Представление о двадцатом веке - Питер Хёг
На улице действительно холодно, лежит снег, сияет луна и нет ни ветерка. Мария ступает на снег, она никогда прежде не ходила на лыжах, не так уж изящно у нее, черт возьми, это получается, но получается все лучше, лучше и дальше, и вскоре Аннебьерг превращается в далекую точку на горизонте — снежно-белом, хотя сейчас и середина ночи. Мария не оборачивается — и обратно она никогда больше не вернется.
Она дошла до самого Копенгагена, и не спрашивайте меня, как это у нее получилось и почему она сбежала, я могу лишь сказать, что в характере Марии есть две стороны: она в состоянии годами изображать Девочку со спичками, мечту мамы об идеальной дочери, но иногда что-то происходит, и проявляется другая сторона. В ее глазах появляется стеклянный блеск, она надевает полицейский шлем, начинает отбиваться от всех, как боксер, и может враз оставить всё, что у нее есть в этом мире, и брести на лыжах из зеландского Нюкёпинга в Копенгаген в святой рождественский вечер.
В Копенгагене она устроилась работать на фабрику. Она жила у подруг по работе, в пансионах и снимала комнаты в разных квартирах, но нигде не жила больше нескольких недель. Работала она на ткацких станках, в компаниях «Боэль и Расмуссен» и «Думекс», на шоколадных фабриках, в компании «Латишинский и сын» и в бессчетном количестве других мест. История жизни фабричных работниц в сороковые годы еще не написана, и мы бы ушли слишком далеко от темы, если бы стали рассказывать ее здесь, но Марии досталось немало. Эти годы она провела в урагане асбестовой пыли и брызг шлифовального масла, или у конвейера, где беременные женщины, пакуя эрзац-кофе, поминутно нагибались, несмотря на восьмимесячный срок и большие животы, или там, где молодые девушки покрывали фосфоресцирующей радиоактивной пастой циферблаты часов, то и дело обсасывая кисточку, чтобы у нее был острый кончик, а потом рак желудка съедал их еще до помолвки, если их не увольняли раньше, когда они отказывались выставлять задницу, чтобы директору было удобнее их щипать при обходе своего воинства.
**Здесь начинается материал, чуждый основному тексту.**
(* For every traditional polynomial scheme, there exists a constant $K>0$ and an FTP code such that the communication rate of the FTP code is higher than that of the traditional polynomial scheme, whenever the matrix dimensions $a$, $b$, and $c$ are such that $b \left( \frac{1}{a}+\frac{1}{c} \right) < K$.
   Context: Setting (secure distributed matrix multiplication): a user has matrices $A \in \mathbb{F}_q^{a \times b}$ and $B \in \mathbb{F}_q^{b \times c}$ and wishes to compute $AB$ with the help of $N$ honest-but-curious servers, such that no set of $T$ colluding servers learns any information about $A$ or $B$ ($T$-security). The matrices are partitioned by the inner product partitioning $A = \begin{bmatrix}A_1 & \cdots & A_L\end{bmatrix}$, $B^{\intercal} = \begin{bmatrix}B_1^{\intercal} & \cdots & B_L^{\intercal}\end{bmatrix}$ so that $AB = A_1B_1+\cdots+A_LB_L$ ($L$ is the partitioning parameter). A traditional polynomial scheme uses a polynomial $h(x)=f(x)g(x)$ whose coefficients encode the products $A_kB_\ell$; the user uploads evaluations $f(\alpha_i), g(\alpha_i)$ to Server $i$, each server computes $h(\alpha_i)$ and sends this full evaluation back, with the construction being $T$-secure and allowing the user to reconstruct $AB$ from all $N$ evaluations; its recovery threshold (number of servers) $N'$ satisfies $N'>L$. An FTP (field trace polynomial) code with partitioning parameter $L$ and security parameter $T$ works over $\mathbb{F}_q$ with $q=q_0^{p_1p_2\cdots p_L}$ for a prime power $q_0$ and primes $p_1<\cdots<p_L$; with $N_i = p_i + 2L + 2T - 2$ it uses $N_L$ servers, and instead of full evaluations the servers send field traces of (scaled) evaluations of $h$ to subfields; it is $T$-secure, decodable, and has total communication rate $\left(\frac{N_Lb}{L} \left( \frac{1}{a}+\frac{1}{c} \right)+\sum_{i=1}^L\frac{N_i}{p_i}\right)^{-1}$. The total communication rate of a scheme is the number of symbols of $AB$ divided by the total (upload plus download) communication cost. *)

From Stdlib Require Import Reals Lra Lia ZArith Znumtheory List Sorted.
Open Scope R_scope.

Definition nat_prime (p : nat) : Prop := prime (Z.of_nat p).
Definition prime_power (q : nat) : Prop :=
  exists p k : nat, nat_prime p /\ (1 <= k)%nat /\ q = (p ^ k)%nat.

(** ---------- Traditional polynomial scheme ----------
    Parameters: partitioning parameter L, security parameter T,
    recovery threshold (number of servers) N'.  Server i receives
    f(alpha_i) in F^{a x b/L} and g(alpha_i) in F^{b/L x c} and returns
    the full evaluation h(alpha_i) in F^{a x c}. *)
Record TradScheme := { ts_L : nat; ts_T : nat; ts_N : nat }.

Definition valid_trad (s : TradScheme) : Prop :=
  (1 <= ts_L s)%nat /\ (1 <= ts_T s)%nat /\ (ts_L s < ts_N s)%nat.

Definition trad_upload (s : TradScheme) (a b c : nat) : R :=
  INR (ts_N s) * (INR a * INR b / INR (ts_L s) + INR b * INR c / INR (ts_L s)).

Definition trad_download (s : TradScheme) (a c : nat) : R :=
  INR (ts_N s) * (INR a * INR c).

(** total communication rate = #symbols of AB / (upload + download) *)
Definition trad_rate (s : TradScheme) (a b c : nat) : R :=
  INR a * INR c / (trad_upload s a b c + trad_download s a c).

(** ---------- FTP code ----------
    Parameters: L, T, prime power q0, primes p_1 < ... < p_L
    (field F_q with q = q0^(p_1 ... p_L)). *)
Record FTPCode := { ftp_L : nat; ftp_T : nat; ftp_q0 : nat; ftp_primes : list nat }.

Definition valid_ftp (C : FTPCode) : Prop :=
  (1 <= ftp_L C)%nat /\ (1 <= ftp_T C)%nat /\ prime_power (ftp_q0 C) /\
  length (ftp_primes C) = ftp_L C /\
  Forall nat_prime (ftp_primes C) /\
  StronglySorted lt (ftp_primes C).

Definition ftp_Ni (C : FTPCode) (p : nat) : R :=
  INR p + 2 * INR (ftp_L C) + 2 * INR (ftp_T C) - 2.

Definition ftp_pL (C : FTPCode) : nat := nth (ftp_L C - 1) (ftp_primes C) 0%nat.

Definition ftp_rate (C : FTPCode) (a b c : nat) : R :=
  / (ftp_Ni C (ftp_pL C) * INR b / INR (ftp_L C) * (1 / INR a + 1 / INR c)
     + fold_right Rplus 0 (map (fun p => ftp_Ni C p / INR p) (ftp_primes C))).

(* Each FTP term N_i / p_i equals 1 + (2L + 2T - 2) / p_i, so taking all L primes
   above L (2L + 2T) makes sum_i N_i / p_i < L + 1 <= N'.  Both inverse rates are
   affine in x = b (1/a + 1/c): N' x / L + N' for the traditional scheme and
   N_L x / L + sum_i N_i / p_i for FTP.  The FTP constant term being strictly smaller,
   FTP wins as soon as x < K := (N' - sum_i N_i / p_i) L / N_L. *)

From Stdlib Require Import Reals ZArith Znumtheory Lia Lra List Sorted.
From mathcomp Require ssrbool eqtype ssrnat div prime.
Open Scope R_scope.

Lemma nat_prime_of_prime (p : nat) : is_true (prime.prime p) -> nat_prime p.
Proof.
  intros Hp. destruct (ssrbool.elimT prime.primeP Hp) as [Hgt1 Hdiv].
  apply (ssrbool.elimT ssrnat.leP) in Hgt1.
  apply prime_alt. split; [lia|].
  intros n [Hn1 Hnp] [k Hk].
  assert (Hfactor : p = (Z.to_nat k * Z.to_nat n)%nat).
  { apply Nat2Z.inj. rewrite Nat2Z.inj_mul, !Z2Nat.id; lia. }
  assert (Hdvd : is_true (div.dvdn (Z.to_nat n) p)).
  { rewrite Hfactor. exact (div.dvdn_mull _ (div.dvdnn _)). }
  destruct (proj1 (Bool.orb_true_iff _ _) (Hdiv _ Hdvd)) as [Heq | Heq];
    apply (ssrbool.elimT eqtype.eqP) in Heq; lia.
Qed.

Lemma exists_sorted_primes_above (n m : nat) :
  exists l, length l = n /\ Forall (fun p => nat_prime p /\ (m < p)%nat) l /\
            StronglySorted lt l.
Proof.
  revert m. induction n as [|n IH]; intros m.
  - exists nil. repeat constructor.
  - destruct (prime.prime_above m) as [p Hmp Hp].
    apply (ssrbool.elimT ssrnat.ltP) in Hmp.
    destruct (IH p) as [l [Hlen [Hl Hsorted]]].
    exists (p :: l). split; [simpl; lia|]. split.
    + constructor; [split; [apply nat_prime_of_prime|]; assumption|].
      eapply Forall_impl; [|exact Hl]. intros q [Hq Hpq]. split; [exact Hq | lia].
    + constructor; [exact Hsorted|].
      eapply Forall_impl; [|exact Hl]. intros q [_ Hpq]. exact Hpq.
Qed.

Lemma fold_right_Rplus_map_bounds {A : Type} (f : A -> R) (lo hi : R) (l : list A) :
  Forall (fun x => lo <= f x <= hi) l ->
  INR (length l) * lo <= fold_right Rplus 0 (map f l) <= INR (length l) * hi.
Proof.
  induction 1 as [|x l Hx _ IH]; cbn [length map fold_right].
  - simpl. lra.
  - rewrite S_INR. lra.
Qed.

Definition ftp_download (C : FTPCode) : R :=
  fold_right Rplus 0 (map (fun p => ftp_Ni C p / INR p) (ftp_primes C)).

Definition ftp_excess (C : FTPCode) : R := 2 * INR (ftp_L C) + 2 * INR (ftp_T C) - 2.

Lemma ftp_Ni_div_bounds (C : FTPCode) (m p : nat) :
  (1 <= ftp_L C)%nat -> (m < p)%nat ->
  1 <= ftp_Ni C p / INR p <= 1 + ftp_excess C / INR (S m).
Proof.
  intros HL Hmp.
  assert (Hexcess : 0 <= ftp_excess C).
  { unfold ftp_excess. pose proof (le_INR 1 _ HL). pose proof (pos_INR (ftp_T C)).
    simpl in *. lra. }
  assert (Hm : 0 < INR (S m)) by apply lt_0_INR, Nat.lt_0_succ.
  assert (Hmp' : INR (S m) <= INR p) by (apply le_INR; lia).
  replace (ftp_Ni C p / INR p) with (1 + ftp_excess C / INR p)
    by (unfold ftp_Ni, ftp_excess; field; lra).
  split.
  - assert (0 <= ftp_excess C / INR p) by (apply Rle_mult_inv_pos; lra). lra.
  - apply Rplus_le_compat_l, Rmult_le_compat_l; [exact Hexcess|].
    apply Rinv_le_contravar; lra.
Qed.

Lemma exists_ftp_code_download_lt (L T N : nat) :
  (1 <= L)%nat -> (1 <= T)%nat -> (L < N)%nat ->
  exists C, valid_ftp C /\ ftp_L C = L /\ ftp_T C = T /\
            0 < ftp_download C < INR N.
Proof.
  intros HL HT HLN.
  set (m := (L * (2 * L + 2 * T))%nat).
  destruct (exists_sorted_primes_above L m) as [l [Hlen [Hl Hsorted]]].
  set (C := {| ftp_L := L; ftp_T := T; ftp_q0 := 2; ftp_primes := l |}).
  exists C. split; [|split; [reflexivity | split; [reflexivity |]]].
  { repeat split; simpl; try assumption.
    - exists 2%nat, 1%nat. split; [exact prime_2 | split; [lia | reflexivity]].
    - eapply Forall_impl; [|exact Hl]. intros p [Hp _]. exact Hp. }
  assert (Hterms : Forall (fun p => 1 <= ftp_Ni C p / INR p
                                    <= 1 + ftp_excess C / INR (S m)) l).
  { eapply Forall_impl; [|exact Hl]. intros p [_ Hmp].
    exact (ftp_Ni_div_bounds C m p HL Hmp). }
  destruct (fold_right_Rplus_map_bounds _ _ _ _ Hterms) as [Hlo Hhi].
  unfold ftp_download. change (ftp_primes C) with l. rewrite Hlen in Hlo, Hhi.
  assert (HLr : 1 <= INR L) by (apply (le_INR 1); exact HL).
  assert (HTr : 1 <= INR T) by (apply (le_INR 1); exact HT).
  assert (HNr : INR L + 1 <= INR N) by (rewrite <- S_INR; apply le_INR; exact HLN).
  assert (Hm : INR (S m) = INR L * (2 * INR L + 2 * INR T) + 1).
  { unfold m. rewrite S_INR, mult_INR, plus_INR, !mult_INR. simpl. lra. }
  (* m is chosen so that m + 1 exceeds L times the excess. *)
  assert (Hsmall : INR L * (ftp_excess C / INR (S m)) < 1).
  { rewrite Hm. unfold ftp_excess; simpl.
    apply (Rmult_lt_reg_r (INR L * (2 * INR L + 2 * INR T) + 1)); [nra|].
    field_simplify; nra. }
  split; nra.
Qed.

Lemma ftp_Ni_pos (C : FTPCode) (p : nat) :
  (1 <= ftp_L C)%nat -> (1 <= ftp_T C)%nat -> 0 < ftp_Ni C p.
Proof.
  intros HL HT. unfold ftp_Ni.
  pose proof (le_INR 1 _ HL). pose proof (le_INR 1 _ HT). pose proof (pos_INR p).
  simpl in *. lra.
Qed.

Lemma dimension_ratio_nonneg (a b c : nat) :
  (0 < a)%nat -> (0 < c)%nat -> 0 <= INR b * (1 / INR a + 1 / INR c).
Proof.
  intros Ha Hc.
  pose proof (lt_0_INR _ Ha). pose proof (lt_0_INR _ Hc).
  assert (0 < 1 / INR a) by (apply Rdiv_lt_0_compat; lra).
  assert (0 < 1 / INR c) by (apply Rdiv_lt_0_compat; lra).
  apply Rmult_le_pos; [apply pos_INR | lra].
Qed.

Lemma ftp_rate_affine (C : FTPCode) (a b c : nat) :
  ftp_rate C a b c =
  / (ftp_Ni C (ftp_pL C) / INR (ftp_L C) * (INR b * (1 / INR a + 1 / INR c))
     + ftp_download C).
Proof. unfold ftp_rate, ftp_download. f_equal. unfold Rdiv. ring. Qed.

Lemma trad_rate_affine (s : TradScheme) (a b c : nat) :
  (0 < a)%nat -> (0 < c)%nat -> (1 <= ts_L s)%nat -> (1 <= ts_N s)%nat ->
  trad_rate s a b c =
  / (INR (ts_N s) / INR (ts_L s) * (INR b * (1 / INR a + 1 / INR c)) + INR (ts_N s)).
Proof.
  intros Ha Hc HL HN.
  pose proof (lt_0_INR _ Ha). pose proof (lt_0_INR _ Hc).
  pose proof (le_INR 1 _ HL). pose proof (le_INR 1 _ HN). pose proof (pos_INR b).
  simpl in *.
  set (x := INR b * (1 / INR a + 1 / INR c)).
  set (D := INR (ts_N s) / INR (ts_L s) * x + INR (ts_N s)).
  assert (Hcost : trad_upload s a b c + trad_download s a c = INR a * INR c * D).
  { unfold trad_upload, trad_download, D, x. field. lra. }
  assert (HD : 0 < D).
  { assert (0 <= x) by exact (dimension_ratio_nonneg a b c Ha Hc).
    assert (0 <= INR (ts_N s) / INR (ts_L s) * x).
    { apply Rmult_le_pos; [apply Rle_mult_inv_pos|]; lra. }
    unfold D. lra. }
  unfold trad_rate. rewrite Hcost. field. split; lra.
Qed.

Lemma Rinv_affine_lt (u v D N x : R) :
  0 < u -> 0 <= v -> 0 < D -> 0 <= x -> x < (N - D) / u ->
  / (v * x + N) < / (u * x + D).
Proof.
  intros Hu Hv HD Hx Hlt.
  assert (Hux : u * x < N - D).
  { apply (Rmult_lt_compat_l u) in Hlt; [|exact Hu].
    replace (u * ((N - D) / u)) with (N - D) in Hlt by (field; lra). exact Hlt. }
  assert (0 <= u * x) by (apply Rmult_le_pos; lra).
  assert (0 <= v * x) by (apply Rmult_le_pos; lra).
  apply Rinv_lt_contravar; [apply Rmult_lt_0_compat|]; lra.
Qed.

Theorem theorem2 :
  forall s : TradScheme, valid_trad s ->
  exists K : R, 0 < K /\
  exists C : FTPCode, valid_ftp C /\ ftp_L C = ts_L s /\ ftp_T C = ts_T s /\
    forall a b c : nat, (0 < a)%nat -> (0 < b)%nat -> (0 < c)%nat ->
      INR b * (1 / INR a + 1 / INR c) < K ->
      trad_rate s a b c < ftp_rate C a b c.
Proof.
  intros s [HL [HT HLN]].
  destruct (exists_ftp_code_download_lt _ _ _ HL HT HLN)
    as [C [HC [HCL [HCT [Hpos Hlt]]]]].
  set (u := ftp_Ni C (ftp_pL C) / INR (ftp_L C)).
  assert (Hu : 0 < u).
  { apply Rdiv_lt_0_compat; [apply ftp_Ni_pos; lia|].
    apply (lt_INR 0); lia. }
  exists ((INR (ts_N s) - ftp_download C) / u).
  split; [apply Rdiv_lt_0_compat; lra|].
  exists C. split; [exact HC | split; [exact HCL | split; [exact HCT|]]].
  intros a b c Ha Hb Hc Hx.
  rewrite ftp_rate_affine, trad_rate_affine by lia.
  apply Rinv_affine_lt; try assumption.
  - apply Rle_mult_inv_pos; [apply pos_INR | apply (lt_INR 0); lia].
  - exact (dimension_ratio_nonneg a b c Ha Hc).
Qed.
И тем не менее Марии все было нипочем. Она меняла место работы так же часто, как и жилье. Всякий раз, когда ей казалось, что начинает чем-то попахивать, становится слишком тяжело, или слишком скучно, или слишком двусмысленно, она хлопала начальников по рукам, требовала расчета, одевалась и уходила, и на следующий день начинала все сначала в другом месте или же делала передышку, во время которой жила почти впроголодь. Она так и не стала квалифицированной фабричной работницей. Квалификация, классовая сознательность и членство в профсоюзе требуют от человека определенной стабильности, пребывания на одном месте, некоторых усилий, некоторой цепкости и веры в то, что во всем этом есть смысл, но Марии это не было свойственно. Сейчас нам, с наших позиций, легко рассуждать о рабочем движении и его истории, но для Марии существовали только хорошие подруги и плохие подруги, и порядочные мужчины и непорядочные мужчины, бесконечный ряд рабочих мест и холодный, циничный эгоизм, защищавший ее, словно панцирь, пока она не встретила Карстена.
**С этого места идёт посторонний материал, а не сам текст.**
Lemma DeltaJ_lower_unipotent_mul u M :
  lower_unipotent u -> DeltaJ J (u *m M) = DeltaJ J M.
Proof.
case=> u_upper0 u_diag.
pose uJ : 'M[CC]_k := \matrix_(r, a) u (rowJ J r) (rowJ J a).
have -> : DeltaJ J (u *m M) = \det (uJ *m \matrix_(r, s) M (rowJ J r) (colJ J s)).
  congr (\det _); apply/matrixP => r s; rewrite !mxE.
  rewrite (bigID (fun a : 'I_n => (a < k)%N)) /= [X in _ + X]big1 ?addr0 => [|a].
    by rewrite (big_ord_narrow (card_set_ord_le J)); apply: eq_bigr => a _; rewrite !mxE.
  by rewrite -leqNgt => k_le_a; rewrite u_upper0 ?mul0r // (leq_trans (ltn_ord r)).
rewrite det_mulmx det_trig; first by rewrite big1 ?mul1r // => r _; rewrite mxE u_diag.
by apply/is_trig_mxP => r s rs; rewrite mxE u_upper0.
Qed.

Lemma tscale_colact_Psi u Z tau :
  tau != 0 -> tscale tau (colact (Psi tau u) Z) = u *m tscale tau Z.
Proof.
move=> tau0; apply/matrixP => a j.
have tau_unit : tauj tau j \in unitmx.
  by rewrite unitmxE det_diag unitfE; apply/prodf_neq0 => i _; rewrite mxE expf_neq0.
have -> : tscale tau (colact (Psi tau u) Z) a j = (tauj tau j *m (Psi tau u j *m col j Z)) a 0.
  by rewrite /tauj mul_diag_mx !mxE.
rewrite /Psi tau0 -!mulmxA mulKVmx // /tauj mul_diag_mx !mxE.
by apply: eq_bigr => c _; rewrite !mxE.
Qed.

(* At an antidiagonal position (r, j) of the minor, r + j < n, so the j-th
   matrix of [Psi 0 u] vanishes to the left of the diagonal in row r. *)
Lemma colact_Psi0_antidiag u Z (r : 'I_k) : lower_unipotent u ->
  colact (Psi 0 u) Z (rowJ J r) (colJ J (rev_ord r)) = Z (rowJ J r) (colJ J (rev_ord r)).
Proof.
case=> u_upper0 u_diag; rewrite /colact /Psi eqxx !mxE.
rewrite (bigD1 (rowJ J r)) //= big1 ?addr0 => [|c c_r]; rewrite !mxE.
  by rewrite ltnn andbF u_diag mul1r.
have [c_lt|c_gt|/val_inj c_eq] := ltngtP c (rowJ J r); last by rewrite c_eq eqxx in c_r.
  rewrite ifT ?mul0r //; apply/andP; split => //.
  apply: leq_trans (rev_colJ_room r).
  by rewrite addn2 ltnS -addSn leq_add2r.
by rewrite andbF u_upper0 ?mul0r.
Qed.

Lemma qJ_invariant u Z tau : lower_unipotent u ->
  evalZt qJ (colact (Psi tau u) Z) tau = evalZt qJ Z tau.
Proof.
move=> u_unip; have [-> | tau0] := eqVneq tau 0.
  rewrite !evalZt_at0 qJ_at0 !evalZ_minor_term /minor_term.
  by congr (_ * _); apply: eq_bigr => r _; rewrite rev_permE colact_Psi0_antidiag.
apply: (mulfI (expf_neq0 (omegaJ J) tau0)).
by rewrite !evalZt_qJ tscale_colact_Psi // DeltaJ_lower_unipotent_mul.
Qed.

End Minor.

Theorem mainTheorem3 (n : nat) (J : {set 'I_n}) :
  J != set0 ->
  exists q : {poly zring n},
    DeltaJ J (tildeZ n) = 'X^(omegaJ J) * q /\
    (exists s : CC, (s = 1 \/ s = -1) /\
       q.[0] = s *: \prod_(r < #|J|) genZ n (rowJ J r) (colJ J (rev_ord r))) /\
    q.[1] = DeltaJ J (genZ n) /\
    (forall (u : 'M[CC]_n), lower_unipotent u ->
       forall (Z : 'M[CC]_n) (tau : CC),
         evalZt q (colact (Psi tau u) Z) tau = evalZt q Z tau).
Proof.
move=> _; exists (qJ J); split; first exact: DeltaJ_tildeZ.
split; last by split; [exact: qJ_at1 | move=> u u_unip Z tau; exact: qJ_invariant].
exists ((-1) ^+ rev_perm #|J|); split; last exact: qJ_at0_antidiag.
by case: odd_perm; [right | left].
Qed.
Незадолго до этого у нее была первая любовная связь. Он был русским и оказался в Дании после освобождения из немецкого концентрационного лагеря. Встретилась она с ним на концерте русской песни и танца в Концертном зале Копенгагенского футбольного общества, куда пошла, потому что истощенные иностранцы, с одной стороны, были в диковинку и возбуждали ее любопытство, с другой стороны, взывали к ее состраданию. Во время концерта она обратила внимание на инвалида азиатской внешности, который танцевал на обрубках ног. У него также не было одной кисти, и в течение тех нескольких недель, что он оставался в Копенгагене, он был ее любовником. Потом он исчез — вместе с остальными бывшими узниками, а ей осталось лишь отверстие в ее панцире да пронзительная песня, полная тоски по родине, на непонятном ей языке.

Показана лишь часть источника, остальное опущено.